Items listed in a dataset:
════════════════

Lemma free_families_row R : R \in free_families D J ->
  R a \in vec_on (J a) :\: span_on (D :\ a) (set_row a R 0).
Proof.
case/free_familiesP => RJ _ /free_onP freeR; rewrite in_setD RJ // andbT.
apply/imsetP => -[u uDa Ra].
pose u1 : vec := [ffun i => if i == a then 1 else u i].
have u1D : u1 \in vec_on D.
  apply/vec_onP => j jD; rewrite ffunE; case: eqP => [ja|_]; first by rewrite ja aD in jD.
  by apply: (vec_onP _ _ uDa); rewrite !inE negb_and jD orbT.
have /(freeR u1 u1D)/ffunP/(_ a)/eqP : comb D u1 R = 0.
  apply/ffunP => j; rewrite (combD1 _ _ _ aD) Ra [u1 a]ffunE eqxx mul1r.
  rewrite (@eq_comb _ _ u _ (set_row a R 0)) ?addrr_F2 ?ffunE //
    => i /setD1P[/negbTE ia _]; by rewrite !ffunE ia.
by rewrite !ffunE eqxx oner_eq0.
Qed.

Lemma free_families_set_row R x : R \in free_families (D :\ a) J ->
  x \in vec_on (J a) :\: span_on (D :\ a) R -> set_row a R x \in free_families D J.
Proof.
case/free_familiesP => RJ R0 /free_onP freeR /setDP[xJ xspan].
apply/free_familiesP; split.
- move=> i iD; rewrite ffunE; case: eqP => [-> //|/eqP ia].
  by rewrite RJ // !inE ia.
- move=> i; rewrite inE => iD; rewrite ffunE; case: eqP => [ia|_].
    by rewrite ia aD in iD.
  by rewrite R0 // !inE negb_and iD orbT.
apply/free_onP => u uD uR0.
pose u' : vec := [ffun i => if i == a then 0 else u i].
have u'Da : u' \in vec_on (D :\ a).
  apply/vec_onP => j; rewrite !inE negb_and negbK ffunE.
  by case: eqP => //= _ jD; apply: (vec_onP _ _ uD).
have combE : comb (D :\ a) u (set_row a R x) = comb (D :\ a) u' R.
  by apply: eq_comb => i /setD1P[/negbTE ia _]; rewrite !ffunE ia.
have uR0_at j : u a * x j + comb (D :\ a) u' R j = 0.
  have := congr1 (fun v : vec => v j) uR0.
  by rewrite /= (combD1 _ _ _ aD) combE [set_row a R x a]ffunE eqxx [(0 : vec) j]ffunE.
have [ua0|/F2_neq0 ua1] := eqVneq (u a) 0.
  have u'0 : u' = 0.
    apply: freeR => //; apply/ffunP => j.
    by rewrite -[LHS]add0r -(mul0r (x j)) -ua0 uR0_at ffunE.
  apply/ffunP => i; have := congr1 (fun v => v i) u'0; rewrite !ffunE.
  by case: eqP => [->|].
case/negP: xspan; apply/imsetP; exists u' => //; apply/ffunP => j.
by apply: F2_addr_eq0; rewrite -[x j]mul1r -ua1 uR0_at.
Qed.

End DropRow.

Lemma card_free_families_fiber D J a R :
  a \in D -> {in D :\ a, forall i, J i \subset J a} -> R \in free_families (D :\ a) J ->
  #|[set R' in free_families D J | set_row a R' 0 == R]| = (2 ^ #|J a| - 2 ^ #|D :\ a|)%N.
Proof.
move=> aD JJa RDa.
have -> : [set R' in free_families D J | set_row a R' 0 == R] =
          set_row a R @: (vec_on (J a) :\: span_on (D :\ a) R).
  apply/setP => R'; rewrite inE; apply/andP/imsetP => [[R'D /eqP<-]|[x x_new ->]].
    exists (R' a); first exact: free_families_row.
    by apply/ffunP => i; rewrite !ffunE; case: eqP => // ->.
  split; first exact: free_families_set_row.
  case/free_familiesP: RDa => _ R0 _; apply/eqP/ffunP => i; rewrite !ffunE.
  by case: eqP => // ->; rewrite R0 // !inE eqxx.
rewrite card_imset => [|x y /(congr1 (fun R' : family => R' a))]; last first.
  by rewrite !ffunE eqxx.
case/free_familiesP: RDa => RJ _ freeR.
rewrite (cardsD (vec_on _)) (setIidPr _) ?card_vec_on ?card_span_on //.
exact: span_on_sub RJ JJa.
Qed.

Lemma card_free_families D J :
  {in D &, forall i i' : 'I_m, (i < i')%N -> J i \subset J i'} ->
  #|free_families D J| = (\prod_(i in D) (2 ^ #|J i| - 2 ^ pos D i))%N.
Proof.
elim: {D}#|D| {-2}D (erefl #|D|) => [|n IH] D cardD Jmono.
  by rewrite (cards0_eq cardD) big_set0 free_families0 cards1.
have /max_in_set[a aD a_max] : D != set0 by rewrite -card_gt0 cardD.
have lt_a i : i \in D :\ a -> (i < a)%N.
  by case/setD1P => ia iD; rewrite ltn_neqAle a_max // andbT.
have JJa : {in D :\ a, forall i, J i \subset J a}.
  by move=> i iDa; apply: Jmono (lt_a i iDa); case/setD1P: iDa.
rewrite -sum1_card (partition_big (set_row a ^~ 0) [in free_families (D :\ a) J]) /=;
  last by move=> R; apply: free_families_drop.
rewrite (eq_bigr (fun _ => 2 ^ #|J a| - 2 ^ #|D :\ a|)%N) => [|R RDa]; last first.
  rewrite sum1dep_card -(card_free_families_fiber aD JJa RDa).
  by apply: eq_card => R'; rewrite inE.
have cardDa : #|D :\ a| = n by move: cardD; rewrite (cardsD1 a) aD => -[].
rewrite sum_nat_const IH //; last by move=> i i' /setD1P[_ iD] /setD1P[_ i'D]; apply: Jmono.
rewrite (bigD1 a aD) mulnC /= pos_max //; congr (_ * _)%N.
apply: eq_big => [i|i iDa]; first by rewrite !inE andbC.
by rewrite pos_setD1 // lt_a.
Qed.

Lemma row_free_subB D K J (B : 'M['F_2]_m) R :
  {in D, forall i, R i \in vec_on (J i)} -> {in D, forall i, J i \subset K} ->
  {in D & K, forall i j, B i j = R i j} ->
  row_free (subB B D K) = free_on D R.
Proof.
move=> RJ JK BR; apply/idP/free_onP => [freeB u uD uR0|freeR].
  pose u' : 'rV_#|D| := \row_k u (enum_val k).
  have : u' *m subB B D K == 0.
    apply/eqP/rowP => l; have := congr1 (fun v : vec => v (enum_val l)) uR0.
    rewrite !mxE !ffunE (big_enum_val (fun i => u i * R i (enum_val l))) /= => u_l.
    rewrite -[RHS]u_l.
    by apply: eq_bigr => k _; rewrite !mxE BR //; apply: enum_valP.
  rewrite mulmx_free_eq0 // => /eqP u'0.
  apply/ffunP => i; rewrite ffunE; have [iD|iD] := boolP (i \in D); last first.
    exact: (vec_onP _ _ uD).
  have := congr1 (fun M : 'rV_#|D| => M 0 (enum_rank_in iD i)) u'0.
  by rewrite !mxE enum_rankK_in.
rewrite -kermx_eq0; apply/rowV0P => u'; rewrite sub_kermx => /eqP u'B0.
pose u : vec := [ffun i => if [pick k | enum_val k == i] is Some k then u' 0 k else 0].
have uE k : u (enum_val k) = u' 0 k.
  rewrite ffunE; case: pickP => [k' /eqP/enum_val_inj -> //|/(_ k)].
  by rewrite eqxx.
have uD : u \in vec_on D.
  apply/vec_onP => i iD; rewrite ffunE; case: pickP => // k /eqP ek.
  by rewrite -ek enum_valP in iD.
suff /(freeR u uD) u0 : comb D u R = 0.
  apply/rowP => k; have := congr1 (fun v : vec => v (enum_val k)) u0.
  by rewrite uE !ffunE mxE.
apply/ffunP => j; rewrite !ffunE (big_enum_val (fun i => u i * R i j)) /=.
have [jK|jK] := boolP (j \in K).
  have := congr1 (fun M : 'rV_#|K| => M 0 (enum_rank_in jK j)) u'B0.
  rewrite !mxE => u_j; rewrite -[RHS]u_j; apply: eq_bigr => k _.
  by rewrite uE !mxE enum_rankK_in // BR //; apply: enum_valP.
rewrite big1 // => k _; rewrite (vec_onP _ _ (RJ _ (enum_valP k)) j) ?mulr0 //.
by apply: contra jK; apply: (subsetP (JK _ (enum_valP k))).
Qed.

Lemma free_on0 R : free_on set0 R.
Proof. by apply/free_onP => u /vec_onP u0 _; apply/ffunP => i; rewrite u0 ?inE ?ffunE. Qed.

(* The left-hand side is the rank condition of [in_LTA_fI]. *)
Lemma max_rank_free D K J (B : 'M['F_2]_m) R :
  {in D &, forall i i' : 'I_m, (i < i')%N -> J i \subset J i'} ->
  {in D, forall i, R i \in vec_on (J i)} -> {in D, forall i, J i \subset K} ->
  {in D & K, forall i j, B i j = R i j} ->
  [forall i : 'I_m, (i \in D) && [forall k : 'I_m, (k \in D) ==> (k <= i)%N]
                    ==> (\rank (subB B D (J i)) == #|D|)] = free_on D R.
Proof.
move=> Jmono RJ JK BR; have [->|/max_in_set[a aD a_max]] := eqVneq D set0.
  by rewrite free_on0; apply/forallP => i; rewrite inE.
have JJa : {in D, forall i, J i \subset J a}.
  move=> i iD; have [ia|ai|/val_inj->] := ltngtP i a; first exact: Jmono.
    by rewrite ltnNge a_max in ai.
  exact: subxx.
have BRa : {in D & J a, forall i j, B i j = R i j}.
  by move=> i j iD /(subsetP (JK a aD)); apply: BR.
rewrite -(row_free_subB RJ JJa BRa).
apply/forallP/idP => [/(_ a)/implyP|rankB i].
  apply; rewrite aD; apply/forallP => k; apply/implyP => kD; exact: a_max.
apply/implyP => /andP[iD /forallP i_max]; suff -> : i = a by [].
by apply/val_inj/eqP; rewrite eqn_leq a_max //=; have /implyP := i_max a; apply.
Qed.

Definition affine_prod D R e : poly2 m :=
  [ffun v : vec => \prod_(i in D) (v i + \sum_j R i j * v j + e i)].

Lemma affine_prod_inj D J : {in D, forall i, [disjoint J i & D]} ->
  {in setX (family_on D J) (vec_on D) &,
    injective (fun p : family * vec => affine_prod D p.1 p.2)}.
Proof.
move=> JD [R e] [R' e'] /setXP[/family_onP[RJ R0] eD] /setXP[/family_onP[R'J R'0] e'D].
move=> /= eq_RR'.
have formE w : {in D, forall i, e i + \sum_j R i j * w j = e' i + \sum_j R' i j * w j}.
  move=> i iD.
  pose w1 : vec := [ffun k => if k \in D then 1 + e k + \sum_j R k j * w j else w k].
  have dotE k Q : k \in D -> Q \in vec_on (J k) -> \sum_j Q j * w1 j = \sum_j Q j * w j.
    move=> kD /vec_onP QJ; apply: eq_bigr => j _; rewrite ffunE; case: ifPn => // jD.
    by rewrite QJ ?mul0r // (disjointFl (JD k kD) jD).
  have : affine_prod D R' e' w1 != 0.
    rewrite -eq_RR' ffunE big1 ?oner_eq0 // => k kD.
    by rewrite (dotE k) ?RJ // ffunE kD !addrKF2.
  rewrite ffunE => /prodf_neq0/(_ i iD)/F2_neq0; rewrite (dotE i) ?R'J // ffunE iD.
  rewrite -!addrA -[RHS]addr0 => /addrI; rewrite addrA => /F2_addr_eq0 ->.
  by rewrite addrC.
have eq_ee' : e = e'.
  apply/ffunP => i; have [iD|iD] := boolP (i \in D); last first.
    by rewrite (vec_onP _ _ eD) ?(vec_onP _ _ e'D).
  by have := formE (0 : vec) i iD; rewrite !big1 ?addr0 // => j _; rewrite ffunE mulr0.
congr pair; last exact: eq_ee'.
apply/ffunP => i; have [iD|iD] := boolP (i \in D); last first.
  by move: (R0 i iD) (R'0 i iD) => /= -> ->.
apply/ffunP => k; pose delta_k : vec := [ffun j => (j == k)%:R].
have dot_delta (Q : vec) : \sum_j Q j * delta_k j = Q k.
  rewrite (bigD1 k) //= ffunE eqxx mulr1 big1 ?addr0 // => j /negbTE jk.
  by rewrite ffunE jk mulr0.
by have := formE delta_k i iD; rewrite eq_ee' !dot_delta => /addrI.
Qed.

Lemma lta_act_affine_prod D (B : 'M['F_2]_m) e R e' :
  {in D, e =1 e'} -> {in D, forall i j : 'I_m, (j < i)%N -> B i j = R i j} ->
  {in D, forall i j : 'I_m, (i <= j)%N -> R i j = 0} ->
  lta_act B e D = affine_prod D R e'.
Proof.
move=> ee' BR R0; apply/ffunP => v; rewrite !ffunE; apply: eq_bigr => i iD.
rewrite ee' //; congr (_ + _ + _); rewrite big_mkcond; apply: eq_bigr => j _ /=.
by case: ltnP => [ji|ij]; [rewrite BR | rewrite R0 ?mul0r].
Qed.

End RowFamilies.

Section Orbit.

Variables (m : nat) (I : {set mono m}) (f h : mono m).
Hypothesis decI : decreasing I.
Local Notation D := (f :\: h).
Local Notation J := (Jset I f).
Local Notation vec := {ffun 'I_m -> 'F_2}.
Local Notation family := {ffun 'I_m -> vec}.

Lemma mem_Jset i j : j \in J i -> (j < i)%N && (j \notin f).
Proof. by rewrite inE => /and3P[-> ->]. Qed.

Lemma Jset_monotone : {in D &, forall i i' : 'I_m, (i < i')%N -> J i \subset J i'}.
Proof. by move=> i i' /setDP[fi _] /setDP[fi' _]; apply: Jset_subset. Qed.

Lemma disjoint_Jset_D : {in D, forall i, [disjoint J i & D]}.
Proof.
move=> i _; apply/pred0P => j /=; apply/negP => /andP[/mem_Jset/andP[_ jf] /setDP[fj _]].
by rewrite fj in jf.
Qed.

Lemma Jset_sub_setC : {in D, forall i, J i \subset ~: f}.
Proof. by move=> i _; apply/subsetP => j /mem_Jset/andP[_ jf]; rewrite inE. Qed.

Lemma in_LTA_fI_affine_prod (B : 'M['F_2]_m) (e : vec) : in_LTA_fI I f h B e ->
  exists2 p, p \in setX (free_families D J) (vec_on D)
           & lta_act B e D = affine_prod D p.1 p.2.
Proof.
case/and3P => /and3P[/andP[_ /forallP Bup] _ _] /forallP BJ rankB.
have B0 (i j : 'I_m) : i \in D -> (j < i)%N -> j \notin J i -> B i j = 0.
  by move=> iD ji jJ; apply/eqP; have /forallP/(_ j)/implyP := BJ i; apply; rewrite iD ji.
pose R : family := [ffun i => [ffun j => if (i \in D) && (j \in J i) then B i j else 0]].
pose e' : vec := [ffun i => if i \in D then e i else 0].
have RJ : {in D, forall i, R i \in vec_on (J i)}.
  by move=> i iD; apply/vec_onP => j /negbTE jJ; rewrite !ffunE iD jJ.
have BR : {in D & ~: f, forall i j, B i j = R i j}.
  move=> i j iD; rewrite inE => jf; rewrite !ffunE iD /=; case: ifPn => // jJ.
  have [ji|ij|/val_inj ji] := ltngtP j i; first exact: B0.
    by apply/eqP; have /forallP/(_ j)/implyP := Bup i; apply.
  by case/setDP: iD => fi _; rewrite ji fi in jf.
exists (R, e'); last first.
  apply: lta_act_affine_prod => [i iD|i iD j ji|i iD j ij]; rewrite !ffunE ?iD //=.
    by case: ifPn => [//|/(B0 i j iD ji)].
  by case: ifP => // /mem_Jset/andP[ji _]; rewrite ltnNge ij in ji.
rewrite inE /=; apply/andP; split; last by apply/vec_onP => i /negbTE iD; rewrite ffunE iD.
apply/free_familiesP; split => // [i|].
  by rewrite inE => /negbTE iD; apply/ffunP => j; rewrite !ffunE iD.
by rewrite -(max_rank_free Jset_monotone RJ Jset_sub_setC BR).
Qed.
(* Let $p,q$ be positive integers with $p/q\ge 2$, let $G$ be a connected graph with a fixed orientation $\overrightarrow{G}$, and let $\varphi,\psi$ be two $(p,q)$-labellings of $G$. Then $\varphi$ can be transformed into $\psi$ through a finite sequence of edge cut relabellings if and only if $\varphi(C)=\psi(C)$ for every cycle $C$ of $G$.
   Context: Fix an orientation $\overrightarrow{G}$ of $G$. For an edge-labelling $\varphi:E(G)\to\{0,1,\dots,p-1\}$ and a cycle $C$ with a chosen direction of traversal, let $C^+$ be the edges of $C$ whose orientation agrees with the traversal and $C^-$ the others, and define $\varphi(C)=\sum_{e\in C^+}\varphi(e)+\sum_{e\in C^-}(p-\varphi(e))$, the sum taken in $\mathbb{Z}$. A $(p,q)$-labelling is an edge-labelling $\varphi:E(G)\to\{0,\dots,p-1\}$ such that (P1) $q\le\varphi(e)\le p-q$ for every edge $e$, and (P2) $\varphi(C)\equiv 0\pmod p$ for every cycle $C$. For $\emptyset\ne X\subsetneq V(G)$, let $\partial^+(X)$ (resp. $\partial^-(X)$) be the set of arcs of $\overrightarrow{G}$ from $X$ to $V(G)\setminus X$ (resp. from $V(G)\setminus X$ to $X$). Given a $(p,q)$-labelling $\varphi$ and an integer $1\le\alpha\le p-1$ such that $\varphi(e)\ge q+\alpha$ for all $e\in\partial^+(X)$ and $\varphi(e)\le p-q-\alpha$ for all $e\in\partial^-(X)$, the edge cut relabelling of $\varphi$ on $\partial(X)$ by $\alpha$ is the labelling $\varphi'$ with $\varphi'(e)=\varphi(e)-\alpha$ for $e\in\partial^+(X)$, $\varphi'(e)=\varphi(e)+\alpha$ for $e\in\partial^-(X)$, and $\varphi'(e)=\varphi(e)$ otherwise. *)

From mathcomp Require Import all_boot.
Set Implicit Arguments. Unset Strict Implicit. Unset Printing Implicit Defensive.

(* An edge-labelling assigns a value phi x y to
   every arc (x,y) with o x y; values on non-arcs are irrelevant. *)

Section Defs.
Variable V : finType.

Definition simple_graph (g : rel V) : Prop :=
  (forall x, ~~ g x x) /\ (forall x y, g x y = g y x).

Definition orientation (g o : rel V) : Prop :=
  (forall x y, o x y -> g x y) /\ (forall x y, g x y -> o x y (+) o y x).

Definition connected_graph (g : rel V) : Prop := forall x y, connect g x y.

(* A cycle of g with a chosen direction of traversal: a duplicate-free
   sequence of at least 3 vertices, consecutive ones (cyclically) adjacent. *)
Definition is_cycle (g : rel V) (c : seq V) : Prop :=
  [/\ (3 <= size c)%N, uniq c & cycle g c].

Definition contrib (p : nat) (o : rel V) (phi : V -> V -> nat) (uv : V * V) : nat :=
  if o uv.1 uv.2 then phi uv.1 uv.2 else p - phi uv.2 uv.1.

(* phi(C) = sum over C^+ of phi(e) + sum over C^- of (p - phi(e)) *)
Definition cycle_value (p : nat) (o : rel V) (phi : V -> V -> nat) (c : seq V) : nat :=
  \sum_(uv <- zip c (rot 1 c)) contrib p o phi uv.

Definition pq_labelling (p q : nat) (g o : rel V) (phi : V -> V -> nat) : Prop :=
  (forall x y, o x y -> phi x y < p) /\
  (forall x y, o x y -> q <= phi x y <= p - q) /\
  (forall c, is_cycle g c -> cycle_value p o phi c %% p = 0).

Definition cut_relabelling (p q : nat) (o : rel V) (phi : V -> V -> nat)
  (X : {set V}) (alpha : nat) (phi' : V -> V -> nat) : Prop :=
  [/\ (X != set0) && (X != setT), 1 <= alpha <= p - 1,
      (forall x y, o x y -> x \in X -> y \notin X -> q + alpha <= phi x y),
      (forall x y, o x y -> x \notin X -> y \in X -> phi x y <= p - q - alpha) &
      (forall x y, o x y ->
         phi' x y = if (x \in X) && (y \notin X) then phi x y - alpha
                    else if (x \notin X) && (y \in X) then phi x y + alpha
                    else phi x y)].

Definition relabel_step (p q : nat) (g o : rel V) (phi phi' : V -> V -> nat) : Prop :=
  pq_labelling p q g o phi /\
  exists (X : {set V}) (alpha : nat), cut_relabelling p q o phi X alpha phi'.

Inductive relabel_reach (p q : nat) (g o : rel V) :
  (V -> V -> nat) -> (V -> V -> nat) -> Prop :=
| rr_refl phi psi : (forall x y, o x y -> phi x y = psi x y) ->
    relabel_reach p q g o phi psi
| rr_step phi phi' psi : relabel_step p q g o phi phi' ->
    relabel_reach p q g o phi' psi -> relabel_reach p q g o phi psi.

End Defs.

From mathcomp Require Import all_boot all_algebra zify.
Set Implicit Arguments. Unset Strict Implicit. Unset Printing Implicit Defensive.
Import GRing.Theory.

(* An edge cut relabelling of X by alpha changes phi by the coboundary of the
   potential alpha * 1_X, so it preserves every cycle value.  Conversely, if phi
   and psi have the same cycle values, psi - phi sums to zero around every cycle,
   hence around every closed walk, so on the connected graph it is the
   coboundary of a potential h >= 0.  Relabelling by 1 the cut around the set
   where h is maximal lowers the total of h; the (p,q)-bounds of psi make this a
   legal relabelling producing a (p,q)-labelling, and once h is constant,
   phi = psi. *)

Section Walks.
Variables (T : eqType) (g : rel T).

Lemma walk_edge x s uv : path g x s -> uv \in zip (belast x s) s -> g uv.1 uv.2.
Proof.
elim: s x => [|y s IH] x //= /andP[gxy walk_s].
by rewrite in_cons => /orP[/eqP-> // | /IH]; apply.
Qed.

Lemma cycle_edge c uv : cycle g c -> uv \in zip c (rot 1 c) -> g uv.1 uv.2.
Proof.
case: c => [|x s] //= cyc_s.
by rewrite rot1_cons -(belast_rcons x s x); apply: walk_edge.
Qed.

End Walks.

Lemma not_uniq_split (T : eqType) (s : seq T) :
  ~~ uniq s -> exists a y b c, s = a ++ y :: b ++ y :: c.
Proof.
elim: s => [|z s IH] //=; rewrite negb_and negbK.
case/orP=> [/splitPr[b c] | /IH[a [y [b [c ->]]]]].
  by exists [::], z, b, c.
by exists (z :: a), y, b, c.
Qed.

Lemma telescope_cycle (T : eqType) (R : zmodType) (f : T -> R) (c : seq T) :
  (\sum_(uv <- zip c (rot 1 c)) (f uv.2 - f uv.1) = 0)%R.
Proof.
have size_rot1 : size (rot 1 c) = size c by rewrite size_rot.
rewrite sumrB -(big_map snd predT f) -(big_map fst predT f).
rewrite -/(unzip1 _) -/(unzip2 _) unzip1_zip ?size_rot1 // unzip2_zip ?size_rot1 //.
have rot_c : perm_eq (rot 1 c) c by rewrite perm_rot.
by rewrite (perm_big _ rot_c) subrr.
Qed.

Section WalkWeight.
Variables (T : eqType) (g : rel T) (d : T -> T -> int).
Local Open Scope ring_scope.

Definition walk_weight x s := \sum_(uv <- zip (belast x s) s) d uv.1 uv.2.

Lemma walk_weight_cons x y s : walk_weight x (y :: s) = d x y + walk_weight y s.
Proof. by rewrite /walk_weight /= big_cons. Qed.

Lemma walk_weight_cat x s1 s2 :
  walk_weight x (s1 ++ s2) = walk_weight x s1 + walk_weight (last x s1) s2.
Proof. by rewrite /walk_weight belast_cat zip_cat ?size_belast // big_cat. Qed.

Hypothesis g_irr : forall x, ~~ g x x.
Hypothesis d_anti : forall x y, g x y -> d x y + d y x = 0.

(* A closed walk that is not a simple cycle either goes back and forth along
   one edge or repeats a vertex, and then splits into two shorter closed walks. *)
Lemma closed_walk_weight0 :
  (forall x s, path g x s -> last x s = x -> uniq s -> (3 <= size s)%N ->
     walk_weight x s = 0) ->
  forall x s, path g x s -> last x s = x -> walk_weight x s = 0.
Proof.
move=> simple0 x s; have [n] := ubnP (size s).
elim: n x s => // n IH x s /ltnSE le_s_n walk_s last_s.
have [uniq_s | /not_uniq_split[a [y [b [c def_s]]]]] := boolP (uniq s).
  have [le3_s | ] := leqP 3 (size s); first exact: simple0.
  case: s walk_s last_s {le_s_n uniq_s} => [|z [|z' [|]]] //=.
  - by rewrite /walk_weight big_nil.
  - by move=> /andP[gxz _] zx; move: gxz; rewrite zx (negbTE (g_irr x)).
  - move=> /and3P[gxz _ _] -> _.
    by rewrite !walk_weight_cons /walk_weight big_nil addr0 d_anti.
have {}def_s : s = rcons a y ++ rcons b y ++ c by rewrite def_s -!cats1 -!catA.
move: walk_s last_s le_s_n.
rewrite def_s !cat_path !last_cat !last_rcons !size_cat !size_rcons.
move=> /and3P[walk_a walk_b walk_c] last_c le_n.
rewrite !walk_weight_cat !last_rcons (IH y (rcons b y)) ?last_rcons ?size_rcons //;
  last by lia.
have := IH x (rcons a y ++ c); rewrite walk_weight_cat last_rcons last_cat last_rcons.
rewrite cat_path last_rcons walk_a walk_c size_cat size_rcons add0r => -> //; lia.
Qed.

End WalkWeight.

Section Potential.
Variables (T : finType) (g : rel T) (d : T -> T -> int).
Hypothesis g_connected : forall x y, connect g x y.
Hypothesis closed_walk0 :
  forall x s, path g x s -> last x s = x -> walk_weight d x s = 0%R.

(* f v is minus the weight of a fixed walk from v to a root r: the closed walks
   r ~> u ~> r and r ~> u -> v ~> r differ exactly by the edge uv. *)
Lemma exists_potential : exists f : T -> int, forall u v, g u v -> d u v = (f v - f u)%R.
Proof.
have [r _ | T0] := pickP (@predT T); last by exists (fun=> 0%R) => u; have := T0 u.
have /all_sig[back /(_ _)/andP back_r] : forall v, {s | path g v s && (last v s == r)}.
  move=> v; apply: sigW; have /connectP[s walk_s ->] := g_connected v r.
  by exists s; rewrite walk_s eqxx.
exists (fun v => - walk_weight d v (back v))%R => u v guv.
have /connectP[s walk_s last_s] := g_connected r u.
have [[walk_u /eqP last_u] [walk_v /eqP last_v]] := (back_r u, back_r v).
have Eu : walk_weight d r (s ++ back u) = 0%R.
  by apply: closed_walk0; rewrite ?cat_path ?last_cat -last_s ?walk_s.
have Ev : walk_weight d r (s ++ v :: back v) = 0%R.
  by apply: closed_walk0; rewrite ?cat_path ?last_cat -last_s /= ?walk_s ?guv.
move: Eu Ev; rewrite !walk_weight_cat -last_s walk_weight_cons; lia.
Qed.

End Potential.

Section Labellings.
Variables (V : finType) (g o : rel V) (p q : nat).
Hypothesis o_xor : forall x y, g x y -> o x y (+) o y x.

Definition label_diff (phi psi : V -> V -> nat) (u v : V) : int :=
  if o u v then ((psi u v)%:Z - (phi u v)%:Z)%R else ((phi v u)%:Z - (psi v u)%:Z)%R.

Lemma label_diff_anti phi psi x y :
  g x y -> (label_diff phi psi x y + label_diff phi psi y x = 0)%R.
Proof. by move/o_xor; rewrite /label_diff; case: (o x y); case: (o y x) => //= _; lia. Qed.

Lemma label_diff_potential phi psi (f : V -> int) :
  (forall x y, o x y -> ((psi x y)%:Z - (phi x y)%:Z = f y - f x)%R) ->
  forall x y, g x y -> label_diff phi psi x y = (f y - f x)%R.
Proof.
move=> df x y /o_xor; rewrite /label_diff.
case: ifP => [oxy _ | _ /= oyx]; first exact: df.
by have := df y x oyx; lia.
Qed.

════════════════

Task description: Only the lines above starting at the one containing "by rewrite !ffunE eqxx oner_eq0." and ending at the one containing "case/free_familiesP => RJ R0", both included, are to be returned, exactly as they read.

Solution for this task:
by rewrite !ffunE eqxx oner_eq0.
Qed.

Lemma free_families_set_row R x : R \in free_families (D :\ a) J ->
  x \in vec_on (J a) :\: span_on (D :\ a) R -> set_row a R x \in free_families D J.
Proof.
case/free_familiesP => RJ R0 /free_onP freeR /setDP[xJ xspan].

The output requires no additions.